__What you have to do__: Find how many lines in the material below contain the word "Import" and give only that number.
#### Records
(* Let $S$ be a tree and define $P_S:\mathbb N\to\mathbb N$ by $P_S(n)=sh(S,L_n)$. Then there is a polynomial with rational coefficients, of degree $|S|$ and leading coefficient $(S!)^{-1}$, whose value at every $n\in\mathbb N$ equals $P_S(n)$. Here $|S|$ is the number of vertices of $S$ and $$S!=\prod_{v\in V(S)}|S_v|,$$ where $S_v$ is the maximal subtree of $S$ having $v$ as its root vertex and $|S_v|$ its number of vertices.
   Context: A tree is a finite connected graph without cycles whose external edges are open. One external edge is the root; the others are leaves. Each vertex has one outgoing edge (towards the root) and a strictly positive number of incoming edges. No planar structure. $V(S)$ is the vertex set. For a vertex $v$, $S_v$ consists of the outgoing edge of $v$ together with all edges above it. $L_n$ denotes the linear tree with $n$ vertices, all of valence $1$ ($L_0=\eta$, the tree with one edge and no vertices). Shuffle: for trees $S,T$ with root edges $r_S,r_T$, a shuffle is a tree $A$ with edges labelled by pairs $(s,t)\in E(S)\times E(T)$ such that: (1) the root of $A$ is labelled $(r_S,r_T)$; (2) the labelling restricts to a bijection from leaves of $A$ onto $\mathrm{Leaves}(S)\times\mathrm{Leaves}(T)$; (3) if an edge labelled $(s,t)$ is not a leaf, the incoming edges of the vertex of $A$ above it are labelled either exactly $(s_1,t),\dots,(s_m,t)$ for $s_1,\dots,s_m$ the edges immediately above $s$ in $S$, or exactly $(s,t_1),\dots,(s,t_n)$ for $t_1,\dots,t_n$ the edges immediately above $t$ in $T$. Shuffles are taken up to isomorphism of labelled trees; $sh(S,T)$ is their number. *)

From HB Require Import structures.
From mathcomp Require Import all_boot all_order all_algebra.
From Stdlib Require List Permutation.
Set Implicit Arguments. Unset Strict Implicit. Unset Printing Implicit Defensive.

(* Rooted trees, represented by their root edge:
   [Eta] is an edge with no vertex above it (an open/leaf edge);
   [Vx ts] is an edge whose upper endpoint is a vertex with incoming edges ts.
   The planar order of [ts] is irrelevant for all notions below. *)
Inductive tree : Type := Eta | Vx of seq tree.

Fixpoint wf (t : tree) : bool :=
  match t with Eta => true | Vx ts => ~~ nilp ts && all wf ts end.

Fixpoint nvert (t : tree) : nat :=
  match t with Eta => 0 | Vx ts => (sumn (map nvert ts)).+1 end.

(* S! = prod_{v in V(S)} |S_v|; the vertex at the top of the root edge of
   [Vx ts] has S_v = Vx ts, the other vertices are those of the subtrees ts *)
Fixpoint tfact (t : tree) : nat :=
  match t with Eta => 1 | Vx ts => nvert t * foldr muln 1 (map tfact ts) end.

Fixpoint lin (n : nat) : tree := if n is n'.+1 then Vx [:: lin n'] else Eta.

(* Edges of a tree are addressed by paths from the root (root edge = [::]). *)
Fixpoint sub (t : tree) (p : seq nat) : option tree :=
  match p with
  | [::] => Some t
  | i :: p' => match t with
               | Eta => None
               | Vx ts => if i < size ts then sub (nth Eta ts i) p' else None
               end
  end.

Definition is_edge (t : tree) (p : seq nat) : bool :=
  if sub t p is Some _ then true else false.
Definition is_leaf (t : tree) (p : seq nat) : bool :=
  if sub t p is Some Eta then true else false.
Definition above (t : tree) (p : seq nat) : seq (seq nat) :=
  if sub t p is Some (Vx ts) then [seq rcons p i | i <- iota 0 (size ts)] else [::].

(* Labelled (non-planar) trees, again represented by their root edge:
   [LT l cs] is an edge labelled l; cs = [::] means it is a leaf edge,
   otherwise cs are the incoming edges of the vertex above it. *)
Inductive ltree (L : Type) : Type := LT of L & seq (ltree L).

Definition lab L (a : ltree L) : L := let: LT l _ := a in l.

Fixpoint labels L (a : ltree L) : seq L :=
  let: LT l cs := a in l :: flatten (map (@labels L) cs).

Fixpoint leaf_labels L (a : ltree L) : seq L :=
  let: LT l cs := a in
  if cs is [::] then [:: l] else flatten (map (@leaf_labels L) cs).

Fixpoint all_nodes L (P : L -> seq L -> bool) (a : ltree L) : bool :=
  let: LT l cs := a in P l (map (@lab L) cs) && all (all_nodes P) cs.

Inductive liso (L : Type) : ltree L -> ltree L -> Prop :=
| liso_intro (l : L) (cs cs' cs'' : seq (ltree L)) :
    Permutation.Permutation cs' cs'' -> List.Forall2 (@liso L) cs cs'' ->
    liso (LT l cs) (LT l cs').

Definition label := (seq nat * seq nat)%type.

Definition is_shuffle (S T : tree) (A : ltree label) : Prop :=
  [/\ lab A = ([::], [::]),
      (forall x, x \in labels A -> is_edge S x.1 && is_edge T x.2),
      uniq (leaf_labels A),
      (forall s t, ((s, t) \in leaf_labels A) = is_leaf S s && is_leaf T t) &
      all_nodes (fun x ls =>
        let: (s, t) := x in
        [|| ls == [::],
            perm_eq ls [seq (s', t) | s' <- above S s]
          | perm_eq ls [seq (s, t') | t' <- above T t]]) A].

Definition num_classes (X : Type) (P : X -> Prop) (R : X -> X -> Prop) (k : nat) :=
  exists f : 'I_k -> X,
    [/\ forall i, P (f i),
        forall i j, R (f i) (f j) -> i = j &
        forall x, P x -> exists i, R x (f i)].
########
__Reply to the exercise__: 2